A sad fact is that, no matter how close writers come to realizing their vision, most of us are our own sternest critics. It hurts to re-read a book and see only the flaws, the little cheats, the weak spots. We know we should have done better, that we could have done better, if only . . . .

But we can't get anchored to the past, so we go on to the next book (though we do clean up obvious mistakes and typos in existing ones - that's easy with ebooks), vowing to improve. One of these days we'll write the one we want to write, a book in clean shining honest prose, one that will movie and impress readers and that will speak to them directly and powerfully.

One of these days.

Like Fitzgerald's boats bravely beating against the current, we move on to probable disappointment, to likely failing once more to achieve all that we want to achieve. So the spell just between books often finds a writer a little bit depressed.
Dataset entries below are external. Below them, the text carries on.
Lemma pi_gE_sum_polar s a b :
  pi (gE_sum s a b) + pi (gE_sum s b a) = pi (f (lc s a) (lc s b)).
Proof.
case: adm => _ sM _ _ ss.
set F := fun i j => sigma (a i) * f (e i) (e j) * b j.
have lower : pi (gE_sum s b a) = pi (\sum_(i <- s) \sum_(j <- s | (j < i)%O) F i j).
  rewrite (exchange_big_dep xpredT) //= !pi_sum; apply: eq_bigr => j _.
  rewrite !pi_sum; apply: eq_bigr => i _; rewrite -pi_sigma_eps /F.
  by rewrite !sM ss (sesq_sym sesq (e j) (e i)) !mulrA (mulrVK eps_unit).
have row i : \sum_(j <- s) F i j =
    \sum_(j <- s | (i < j)%O) F i j + \sum_(j <- s | (j < i)%O) F i j.
  rewrite (bigID (fun j => (i < j)%O)) /=; congr (_ + _).
  rewrite (bigID (fun j => (j < i)%O)) /= [X in _ + X]big1 ?addr0.
    by apply: eq_bigl => j; case: ltgtP.
  by move=> j; case: ltgtP => // <- _; rewrite /F alternating mulr0 mul0r.
rewrite lower sesq_lincomb // -piD; congr pi.
by rewrite /gE_sum -big_split; apply: eq_bigr => i _; symmetry; exact: row.
Qed.

End GramSum.

End Forms.

Unset Implicit Arguments. Set Strict Implicit.

Theorem mainTheorem15 (K : unitRingType) (sigma : K -> K) (eps : K)
  (Kbar : zmodType) (pi : K -> Kbar) (circ : Kbar -> K -> Kbar)
  (V : zmodType) (rsc : V -> K -> V)
  (d : Order.disp_t) (I : orderType d) (e : I -> V)
  (q : V -> Kbar) (f : V -> V -> K) (Rb Sb Tb : pred Kbar) :
  division_ring K ->
  admissible sigma eps ->
  quotient_data sigma eps pi circ ->
  right_vspace rsc ->
  gen_quad_form sigma eps pi circ predT rsc q f Rb ->
  nontrivial Rb ->
  is_basis rsc e ->
  (forall i, q (e i) \in Rb) ->
  direct_sum_decomp circ Rb Sb Tb ->
  let DS := fun z : V * Kbar => z.2 \in Sb in
  let rscS := fun (z : V * Kbar) (l : K) => (rsc z.1 l, circ z.2 l) in
  let fS := fun z w : V * Kbar => f z.1 w.1 in
  let qS := fun z : V * Kbar => pi (gE sigma rsc f e z.1 z.1) + z.2 in
  gen_quad_form sigma eps pi circ DS rscS qS fS Tb /\ nontrivial Tb.
Proof.
move=> Kdiv adm quot RV qform Rnontriv basis qe [Sclosed Tclosed _ Rdec] DS rscS fS qS.
have [_ sesq _ _] := qform.
have alternating i : f (e i) (e i) = 0.
  by apply: (singular_isotropic Kdiv adm quot RV qform Rnontriv); apply: qe.
have T0 : 0 \in Tb by case: Tclosed.
split; last first.
  case: Rnontriv => b bR; exists b; apply: contra bR => bT.
  by apply/Rdec; exists 0, b; rewrite add0r; case: Sclosed.
split=> //.
- by case: sesq => fDl fDr fZ fH fT; split=> *;
    [apply: fDl | apply: fDr | apply: fZ | apply: fH | apply: fT].
- move=> [x r] l _; rewrite /qS /rscS /=.
  have [s [c [us -> _]]] := lincomb_supported RV basis x.
  rewrite lincombZ // !(gE_lincomb f adm RV basis) // (gE_sumZ _ adm).
  by rewrite -(circ_pi quot) (circDl quot) subrr.
- move=> [x r] [y r'] _ _; rewrite /qS /fS /=.
  have [u [a [b [uu -> ->]]]] := lincomb_common_support RV basis x y.
  rewrite lincombD // !(gE_lincomb f adm RV basis) // (gE_sumD _ adm) !(piD quot).
  rewrite -(pi_gE_sum_polar Kdiv adm quot RV sesq alternating).
  have -> (A B C s t : Kbar) : A + B + C + (s + t) - (A + s + (B + t) + C) = 0.
    by rewrite [A + B + C + _]addrAC [A + B + _]addrACA subrr.
  exact: T0.
Qed.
I think that's a good thing, though. It keeps us going. As Robert Browning said succinctly, "A man's reach should exceed his grasp, / Or what's a heaven for?"

Monday, July 15, 2013

Fairness

A fellow e-publisher just withdrew one of his books from consideration for an award. Briefly, he discovered that a lot of horse-trading - or vote-trading - was going on, skewing the results of the voting and making the value of the award questionable.

I applaud his decision. It's a principled stand, and it may draw attention to something that needs fixing. Years ago I became aware that a very prestigious award in another genre was badly tainted by shameless campaigning (one candidate even piteously claiming, falsely, that he/she had only a few months to live) and back-stage deals ("You vote for my short story, and I'll vote for your novel.").

That's a shame. A somewhat better plan is like the Edgars, which are not voted on by the group (Mystery Writers of America), but are juried. Even then sometimes jurors play favorites, voting for really not-quite-that-good stories from people they happen to like, but it's better than a sham vote.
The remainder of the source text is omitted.